It is easy to roll with an earthquake
Give me an earthquake any day. It is definitely my natural disaster of choice.
I do not want to live where there are hurricanes, tornadoes, monsoons or typhoons. I am doing just fine living in the state that shakes, rattles and rolls. Do not get me wrong — I do not like earthquakes. But every place has something and the something we have is fine by me.
I was supposed to get together with friends for a weekend of wine tasting. They canceled because of Hurricane Lili. She was bearing down on their New Orleans homes. Not even all of the wine in the Wine Country could have made them forget what was happening back home.
It is seemingly an annual ritual they go through. Four years ago my friend Pam had the roof blown off her home when Hurricane Georges stormed through the Gulf region. She was luckier than some — more than 600 people died and damages reached nearly $6 billion.
I was just a kid when Hurricane Agnes struck the Eastern Seaboard in the summer of 1972. That one is still listed as the worst natural disaster in Pennsylvania’s history.
My family was living in Virginia, just outside of Washington, D.C., when the rains and winds whirled up the coast. I remember my parents telling my sisters and me to stay away from the creek that was near our house. We did not listen. My three older sisters encouraged me to get on my hands and knees to cross the swollen creek on a log that stretched from one bank to the other.

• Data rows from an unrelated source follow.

Theorem lemma7p1 (K : idomainType) (hK : [pchar K] =i pred0) (n : nat)
  (hn : (1 <= n)%N) (x : nat -> ratfun K n.+1)
  (hx : alg_indep x) (i k j : nat) :
  (i <= n.+1 - 2)%N -> (1 <= k)%N -> (k <= n.+1 - 1 - i)%N -> (j <= i)%N ->
  (mutate n.+1 k (seedA n x i)).1 k
    = (xA n x i k.-1 + xA n x i k.+1) / xA n x i k
  /\ (xA n x i k.-1 + xA n x i k.+1) / xA n x i k
    = (xA n x (i - j) (k.-1 + j) + xA n x (i - j) (k.+1 + j))
        / xA n x (i - j) (k + j).
Proof.
move=> hi k1 hk hj.
split; first by apply: mutate_seedA; lia.
have -> : (k.-1 + j = (k + j).-1)%N by lia.
have -> : (k.+1 + j = (k + j).+1)%N by lia.
apply: (exchange_ratio_shiftn hK hx); lia.
Qed.
(* Let $n$ be a positive even integer and let $G$ be a $2r$-regular graph ($r\ge1$) of order $m$ with chromatic number $3$, having a proper $3$-coloring such that for each vertex $v$, $N(v)$ can be partitioned into two monochromatic subsets, each of size $r$, of two different colors. Then $\chi_{ld}(G[\overline{K_{n}}]) = 3$.
   Context: All graphs are finite, simple and undirected. For a graph $G=(V,E)$ of order $N$ without isolated vertices, a bijection $f\colon V\to\{1,2,\dots,N\}$ is a local distance antimagic labeling if $w(u)\neq w(v)$ for every edge $uv$, where $w(u)=\sum_{x\in N(u)}f(x)$ and $N(u)$ is the open neighborhood of $u$. $\chi_{ld}(G)$ is the minimum number of distinct weights over all local distance antimagic labelings of $G$. $\overline{K_n}$ is the edgeless graph on $n$ vertices. The lexicographic product $G[H]$ has vertex set $V(G)\times V(H)$, with $(g,h)$ adjacent to $(g',h')$ iff $gg'\in E(G)$, or $g=g'$ and $hh'\in E(H)$. *)

From mathcomp Require Import all_boot.
Set Implicit Arguments. Unset Strict Implicit. Unset Printing Implicit Defensive.

Definition simple_graph (V : finType) (e : rel V) : Prop :=
  symmetric e /\ irreflexive e.

Definition nbhd (V : finType) (e : rel V) (v : V) : {set V} := [set y | e v y].

Definition regular (V : finType) (e : rel V) (d : nat) : Prop :=
  forall v : V, #|nbhd e v| = d.

Definition no_isolated (V : finType) (e : rel V) : Prop :=
  forall v : V, exists u, e v u.

Definition proper_coloring (V : finType) (e : rel V) (k : nat) (c : V -> 'I_k) : Prop :=
  forall x y, e x y -> c x != c y.

Definition colorable (V : finType) (e : rel V) (k : nat) : Prop :=
  exists c : V -> 'I_k, proper_coloring e c.

Definition chromatic_number_eq (V : finType) (e : rel V) (k : nat) : Prop :=
  colorable e k /\ forall j, j < k -> ~ colorable e j.

Definition edgeless (n : nat) : rel 'I_n := fun _ _ => false.

Definition lexprod (T U : finType) (e : rel T) (h : rel U) : rel (T * U)%type :=
  fun x y => e x.1 y.1 || ((x.1 == y.1) && h x.2 y.2).

Definition is_labeling (V : finType) (f : V -> nat) : Prop :=
  [/\ forall x, 0 < f x <= #|V|,
      injective f &
      forall k, 0 < k <= #|V| -> exists x, f x = k].

Definition weight (V : finType) (e : rel V) (f : V -> nat) (u : V) : nat :=
  \sum_(x | e u x) f x.

Definition ld_antimagic (V : finType) (e : rel V) (f : V -> nat) : Prop :=
  is_labeling f /\ forall u v, e u v -> weight e f u != weight e f v.

Definition num_weights (V : finType) (e : rel V) (f : V -> nat) : nat :=
  size (undup [seq weight e f u | u <- enum V]).

Definition chi_ld_eq (V : finType) (e : rel V) (k : nat) : Prop :=
  (exists f, ld_antimagic e f /\ num_weights e f = k) /\
  (forall f, ld_antimagic e f -> k <= num_weights e f).

From mathcomp Require Import all_boot zify.
Set Implicit Arguments. Unset Strict Implicit. Unset Printing Implicit Defensive.

(* Label the copy (u, j) of a vertex u of G by j m + P_j(u) + 1, where every
   P_j is a bijection V -> {0, ..., m-1}.  Take P_0 and P_1 to be the ranks of
   u in the colour-major order of V, ties inside a colour class broken in
   opposite directions, and pair the remaining layers (n is even) as P, m-1-P.
   Then the column sum S(u) = sum_j f(u, j) depends only on the colour of u and
   increases strictly with it.  Since N(v) consists of r vertices of each
   colour other than c(v), every (v, i) has weight r (S_0 + S_1 + S_2 - S_c(v)):
   three values, distinct on adjacent vertices.  Conversely, the weights of any
   local distance antimagic labeling properly colour G[K_n-bar], hence G, so
   there are at least chi(G) = 3 of them. *)

Lemma colorable_num_weights (V : finType) (e : rel V) (f : V -> nat) :
  (forall u v, e u v -> weight e f u != weight e f v) -> colorable e (num_weights e f).
Proof.
move=> weight_neq; rewrite /num_weights; set s := undup _.
have weight_in u : weight e f u \in s by rewrite mem_undup map_f ?mem_enum.
have index_lt u : index (weight e f u) s < size s by rewrite index_mem.
exists (fun u => Ordinal (index_lt u)) => x y exy.
apply: contra (weight_neq x y exy) => /eqP[] eq_index.
by apply/eqP/(index_inj 0 (weight_in x) (weight_in y)).
Qed.

Lemma colorable_lexprod (T U : finType) (e : rel T) (h : rel U) k :
  0 < #|U| -> colorable (lexprod e h) k -> colorable e k.
Proof.
case/card_gt0P => u0 _ [c proper_c]; exists (fun x => c (x, u0)) => x y exy.
by apply: proper_c; rewrite /lexprod /= exy.
Qed.

Lemma num_weights_le (V T : finType) (e : rel V) (f : V -> nat) (h : V -> T) (g : T -> nat) :
  (forall u, weight e f u = g (h u)) -> num_weights e f <= #|T|.
Proof.
move=> weightE; rewrite /num_weights cardE -(size_map g).
apply: uniq_leq_size (undup_uniq _) _ => w; rewrite mem_undup => /mapP[u _ ->].
by rewrite weightE map_f ?mem_enum.
Qed.

Definition fiber_sum (T U : finType) (f : T * U -> nat) (t : T) : nat := \sum_(j : U) f (t, j).

Lemma weight_lexprod_edgeless (V : finType) (e : rel V) n (f : V * 'I_n -> nat) v i :
  weight (lexprod e (@edgeless n)) f (v, i) = \sum_(u in nbhd e v) fiber_sum f u.
Proof.
rewrite /weight /fiber_sum (pair_big_dep _ (fun _ _ => true) (fun u j => f (u, j))) /=.
by apply: eq_big => -[u j] //=; rewrite /lexprod /edgeless /nbhd inE andbT andbF orbF.
Qed.

Lemma factor_through (V T : finType) (c : V -> T) (S : V -> nat) :
  (forall u v, c u = c v -> S u = S v) -> exists g : T -> nat, forall u, S u = g (c u).
Proof.
move=> S_const; exists (fun t => if [pick u | c u == t] is Some u then S u else 0) => u.
by case: pickP => [v /eqP cv | /(_ u)]; [apply: S_const | rewrite eqxx].
Qed.

Lemma labeling_of_injective (V : finType) (f : V -> nat) :
  injective f -> (forall x, 0 < f x <= #|V|) -> is_labeling f.
Proof.
move=> f_inj f_bnd; split=> // k /andP[k_gt0 k_le].
have pred_lt x : (f x).-1 < #|V| by case/andP: (f_bnd x) => ? ?; lia.
pose g x := Ordinal (pred_lt x).
have g_inj : injective g.
  move=> x y /(congr1 val) /= fxy; apply: f_inj.
  by case/andP: (f_bnd x) => ? _; case/andP: (f_bnd y) => ? _; lia.
have k_lt : k.-1 < #|V| by lia.
have /codomP[x /(congr1 val) /= kx] := inj_card_onto g_inj (eq_leq (card_ord _)) (Ordinal k_lt).
by exists x; case/andP: (f_bnd x) => ? ?; lia.
Qed.

Lemma mulnD_eq_small (p q x y d : nat) : p * d + x = q * d + y -> x < d -> y < d -> x = y.
Proof. by move=> e xd yd; have := congr1 (modn^~ d) e; rewrite /= !modnMDl !modn_small. Qed.

Lemma ltn_lex (p q x y d : nat) : x < d -> y < d ->
  (p * d + x < q * d + y) = (p < q) || (p == q) && (x < y).
Proof. by move=> xd yd; case: (ltngtP p q) => [pq|qp|->] /=; [nia|nia|rewrite ltn_add2l]. Qed.

Section Layered.
Variables (V : finType) (P : nat -> V -> nat) (n : nat).
Hypotheses (P_lt : forall j u, P j u < #|V|) (P_inj : forall j, injective (P j)).

Definition layered (x : V * 'I_n) : nat := x.2 * #|V| + P x.2 x.1 + 1.

Lemma layered_inj : injective layered.
Proof.
move=> [u j] [v k]; rewrite /layered /= => /addIn eq_lab.
have eq_P := mulnD_eq_small eq_lab (P_lt j u) (P_lt k v).
have m_gt0 : 0 < #|V| := leq_ltn_trans (leq0n _) (P_lt j u).
move: eq_lab; rewrite eq_P => /addIn /eqP; rewrite eqn_pmul2r // => /eqP /val_inj jk.
by subst k; rewrite (P_inj eq_P).
Qed.

Lemma layered_labeling : is_labeling layered.
Proof.
apply: labeling_of_injective layered_inj _ => -[u j].
rewrite card_prod card_ord /layered addn1 /=.
apply: leq_trans (_ : j.+1 * #|V| <= #|V| * n); last by rewrite mulnC leq_mul2l ltn_ord orbT.
by rewrite mulSn addnC ltn_add2r.
Qed.

Lemma fiber_sum_layered u :
  fiber_sum layered u = \sum_(j < n) (j * #|V| + 1) + \sum_(j < n) P j u.
Proof. by rewrite /fiber_sum -big_split /=; apply: eq_bigr => j _; rewrite /layered addnAC. Qed.

End Layered.

Section Rank.
Variables (V : finType) (key : V -> nat).

Definition rank (u : V) : nat := #|[set w | key w < key u]|.

Lemma rank_sum u : rank u = \sum_w (key w < key u).
Proof. by rewrite /rank -sum1_card big_mkcond; apply: eq_bigr => w _; rewrite inE; case: ltnP. Qed.

Lemma rank_lt_card u : rank u < #|V|.
Proof.
rewrite /rank -cardsT; apply: proper_card; rewrite properE subsetT /=.
by apply/subsetPn; exists u; rewrite ?inE ?ltnn.
Qed.

Lemma rank_lt u v : key u < key v -> rank u < rank v.
Proof.
move=> lt_uv; apply: proper_card; rewrite properE; apply/andP; split.
  by apply/subsetP => w; rewrite !inE => /ltn_trans->.
by apply/subsetPn; exists u; rewrite !inE ?lt_uv ?ltnn.
Qed.

Lemma rank_inj : injective key -> injective rank.
Proof.
move=> key_inj u v ruv; apply: key_inj.
by case: (ltngtP (key u) (key v)) => // /rank_lt; rewrite ruv ltnn.
Qed.

End Rank.

Section ColorMajorRanks.
Variables (V : finType) (col : V -> nat).
Let m := #|V|.

Definition up_key (u : V) : nat := col u * m + enum_rank u.
Definition down_key (u : V) : nat := col u * m + (m.-1 - enum_rank u).

Let enum_rank_lt (w : V) : enum_rank w < m := ltn_ord _.
Let rank_lt_m (key : V -> nat) (u : V) : rank key u < m := rank_lt_card key u.

Lemma up_key_inj : injective up_key.
Proof. by move=> u v /mulnD_eq_small eq_rank; apply/enum_rank_inj/ord_inj/eq_rank. Qed.

Lemma down_key_inj : injective down_key.
Proof.
move=> u v /mulnD_eq_small eq_rank; apply/enum_rank_inj/ord_inj.
by move: eq_rank (enum_rank_lt u) (enum_rank_lt v); lia.
Qed.

Lemma up_down_key_lt w u : w != u ->
  (up_key w < up_key u) + (down_key w < down_key u) = 2 * (col w < col u) + (col w == col u).
Proof.
move=> neq_wu; have lt_w := enum_rank_lt w; have lt_u := enum_rank_lt u.
have neq_rank : enum_rank w != enum_rank u by apply: contra neq_wu => /eqP/enum_rank_inj->.
rewrite /up_key /down_key !ltn_lex //; try lia.
have -> : (m.-1 - enum_rank w < m.-1 - enum_rank u) = (enum_rank u < enum_rank w) by lia.
move: neq_rank; rewrite -val_eqE /=.
by case: ltngtP => //= _; case: ltngtP.
Qed.

Definition class_weight (x : nat) : nat := \sum_w (2 * (col w < x) + (col w == x)).

Lemma rank_up_down u : rank up_key u + rank down_key u + 1 = class_weight (col u).
Proof.
have -> : 1 = \sum_w (w == u) by rewrite (bigD1 u) //= eqxx big1 // => w /negbTE->.
rewrite !rank_sum -!big_split /=; apply: eq_bigr => w _.
case: (eqVneq w u) => [->|neq_wu]; first by rewrite !ltnn eqxx.
by rewrite addn0 up_down_key_lt.
Qed.

Lemma class_weight_lt u y : col u < y -> class_weight (col u) < class_weight y.
Proof.
move=> lt_uy; rewrite /class_weight (bigD1 u) // [X in _ < X](bigD1 u) //= ltnn eqxx lt_uy.
rewrite (ltn_eqF lt_uy) -addSn leq_add //; apply: leq_sum => w _.
by case: (ltngtP (col w) (col u)) => [||->]; case: (ltngtP (col w) y) => //=; lia.
Qed.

Flooding cut off our water supply so we were collecting it in barrels. Toilets were not flushed after every use. It rained so hard water was coming through the concrete blocks of our basement.
I also survived a tornado when I was in Virginia. Mom took me and two of my sisters to the basement while my dad and oldest sister were running errands. We kids kept wanting to go outside to check out the cool sky. Mom saw nothing cool about it. There were no cell phones in those days for dad to call to say they were fine.
Those two got back safe, though the store they had been at had its roof torn off shortly after they had left.
The last tornado I experienced was in May 2000 when I was visiting friends in Mississippi. Penny and I were oblivious that a storm was rolling in. As we watched TV in front of the plate glass window, an emergency warning came across the screen alerting us to the fact that we were under a tornado watch. We scooped up her newborn Hannah and took a look outside. Yep, it looked pretty nasty. “Shouldn’t we do something?” I asked her. “No, we’ll be fine,” Penny said. We were. But I still would have been more comfortable hiding in the closet.
You cannot hide from an earthquake. What I find comforting is that you do not know it is coming. You cannot get all stressed about it. You do not have to pack up your belongings, board up the house and move to higher and dryer ground.
We are 10 days away from the 13th anniversary of the Loma Prieta quake. I was in South Lake Tahoe when that one struck. I was sipping a beer with my date at Marie Callender’s when coverage of the World Series between the Giants and A’s was interrupted. I did not feel that quake, though others up here did.
I was sure my dad was caught in the Cypress Structure because he was working in Oakland then. I rushed to the paper, leaving whoever the guy was with my lipstick stained glass as a reminder I had been there. All phone lines were down. It was not until late that night that my dad reached me from Los Angeles where he was on business. He told me mom was just fine in Concord, nothing even fell off the shelves.
In the Bay Area in my room at my parents I would hear the temblor as my window rattled, then feel my bed shake before it swept through the house and shook my parents windows.
It is not that these are fond memories, but they are better memories than my other experiences with natural disasters.